Task instructions:
The answer must be every record below, reproduced exactly.

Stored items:
▼▼▼
Lemma prime_cover_unit I : I 1 -> prime_cover I [::].
Proof.
move=> I1; split => // [r _ | P [_ nP1 _] hIP]; first by exists 0%N; rewrite expr0.
by case: nP1; apply: hIP.
Qed.

Lemma prime_cover_prime I : prime_ideal I -> prime_cover I [:: I].
Proof.
move=> hI; split => [P [<- | []] // | r hr | P _ hIP]; last by exists I; first left.
by exists 1%N; rewrite expr1; apply: hr; left.
Qed.

Lemma prime_cover_cat I a b Ps1 Ps2 : ideal I -> I (a * b) ->
  prime_cover (adjoin I a) Ps1 -> prime_cover (adjoin I b) Ps2 ->
  prime_cover I (Ps1 ++ Ps2).
Proof.
move=> hI hab [primes1 rad1 cover1] [primes2 rad2 cover2]; split.
- move=> P /(List.in_app_or Ps1 Ps2 P) [/primes1 | /primes2] [hP hsub];
    by split => // x hx; apply/hsub/adjoin_sub.
- move=> r hr.
  have [n hn] := rad1 r (fun P h => hr P (List.in_or_app _ _ _ (or_introl h))).
  have [m hm] := rad2 r (fun P h => hr P (List.in_or_app _ _ _ (or_intror h))).
  by exists (n + m)%N; rewrite exprD; apply: adjoin_mul hab hn hm.
- move=> P hP hIP; have hPi : ideal P by case: hP.
  have [Pa | Pb] : P a \/ P b by case: hP => _ _; apply => //; apply: hIP.
  + have [P' hP' sub'] := cover1 P hP (fun z => adjoin_least hPi hIP Pa).
    by exists P' => //; apply: List.in_or_app; left.
  + have [P' hP' sub'] := cover2 P hP (fun z => adjoin_least hPi hIP Pb).
    by exists P' => //; apply: List.in_or_app; right.
Qed.

Lemma avoid_product P Q d (Ps : seq (T -> Prop)) :
  prime_ideal P -> ideal Q -> (forall P', List.In P' Ps -> ideal P') ->
  Q d -> ~ P d ->
  exists c, [/\ Q c, ~ P c &
    forall P', List.In P' Ps -> ~ (forall x, P' x -> P x) -> P' c].
Proof.
move=> hP hQ; elim: Ps => [|P0 Ps IH] hPs Qd nPd; first by exists d.
have [c [Qc nPc hc]] := IH (fun P' h => hPs P' (or_intror h)) Qd nPd.
have [P0_P | /not_subset_witness [b P0b nPb]] :=
  classic (forall x, P0 x -> P x).
  by exists c; split => // P' [<- | /hc].
exists (b * c); split; first exact: idealMl.
  by case: hP => _ _ hPM /hPM [].
move=> P' [<- _ | hP' nsub]; first by apply: idealMr => //; apply: hPs; left.
by apply: idealMl; [apply: hPs; right | apply: hc].
Qed.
▲▲▲
Exercise output:
Lemma prime_cover_unit I : I 1 -> prime_cover I [::].
Proof.
move=> I1; split => // [r _ | P [_ nP1 _] hIP]; first by exists 0%N; rewrite expr0.
by case: nP1; apply: hIP.
Qed.

Lemma prime_cover_prime I : prime_ideal I -> prime_cover I [:: I].
Proof.
move=> hI; split => [P [<- | []] // | r hr | P _ hIP]; last by exists I; first left.
by exists 1%N; rewrite expr1; apply: hr; left.
Qed.

Lemma prime_cover_cat I a b Ps1 Ps2 : ideal I -> I (a * b) ->
  prime_cover (adjoin I a) Ps1 -> prime_cover (adjoin I b) Ps2 ->
  prime_cover I (Ps1 ++ Ps2).
Proof.
move=> hI hab [primes1 rad1 cover1] [primes2 rad2 cover2]; split.
- move=> P /(List.in_app_or Ps1 Ps2 P) [/primes1 | /primes2] [hP hsub];
    by split => // x hx; apply/hsub/adjoin_sub.
- move=> r hr.
  have [n hn] := rad1 r (fun P h => hr P (List.in_or_app _ _ _ (or_introl h))).
  have [m hm] := rad2 r (fun P h => hr P (List.in_or_app _ _ _ (or_intror h))).
  by exists (n + m)%N; rewrite exprD; apply: adjoin_mul hab hn hm.
- move=> P hP hIP; have hPi : ideal P by case: hP.
  have [Pa | Pb] : P a \/ P b by case: hP => _ _; apply => //; apply: hIP.
  + have [P' hP' sub'] := cover1 P hP (fun z => adjoin_least hPi hIP Pa).
    by exists P' => //; apply: List.in_or_app; left.
  + have [P' hP' sub'] := cover2 P hP (fun z => adjoin_least hPi hIP Pb).
    by exists P' => //; apply: List.in_or_app; right.
Qed.

Lemma avoid_product P Q d (Ps : seq (T -> Prop)) :
  prime_ideal P -> ideal Q -> (forall P', List.In P' Ps -> ideal P') ->
  Q d -> ~ P d ->
  exists c, [/\ Q c, ~ P c &
    forall P', List.In P' Ps -> ~ (forall x, P' x -> P x) -> P' c].
Proof.
move=> hP hQ; elim: Ps => [|P0 Ps IH] hPs Qd nPd; first by exists d.
have [c [Qc nPc hc]] := IH (fun P' h => hPs P' (or_intror h)) Qd nPd.
have [P0_P | /not_subset_witness [b P0b nPb]] :=
  classic (forall x, P0 x -> P x).
  by exists c; split => // P' [<- | /hc].
exists (b * c); split; first exact: idealMl.
  by case: hP => _ _ hPM /hPM [].
move=> P' [<- _ | hP' nsub]; first by apply: idealMr => //; apply: hPs; left.
by apply: idealMl; [apply: hPs; right | apply: hc].
Qed.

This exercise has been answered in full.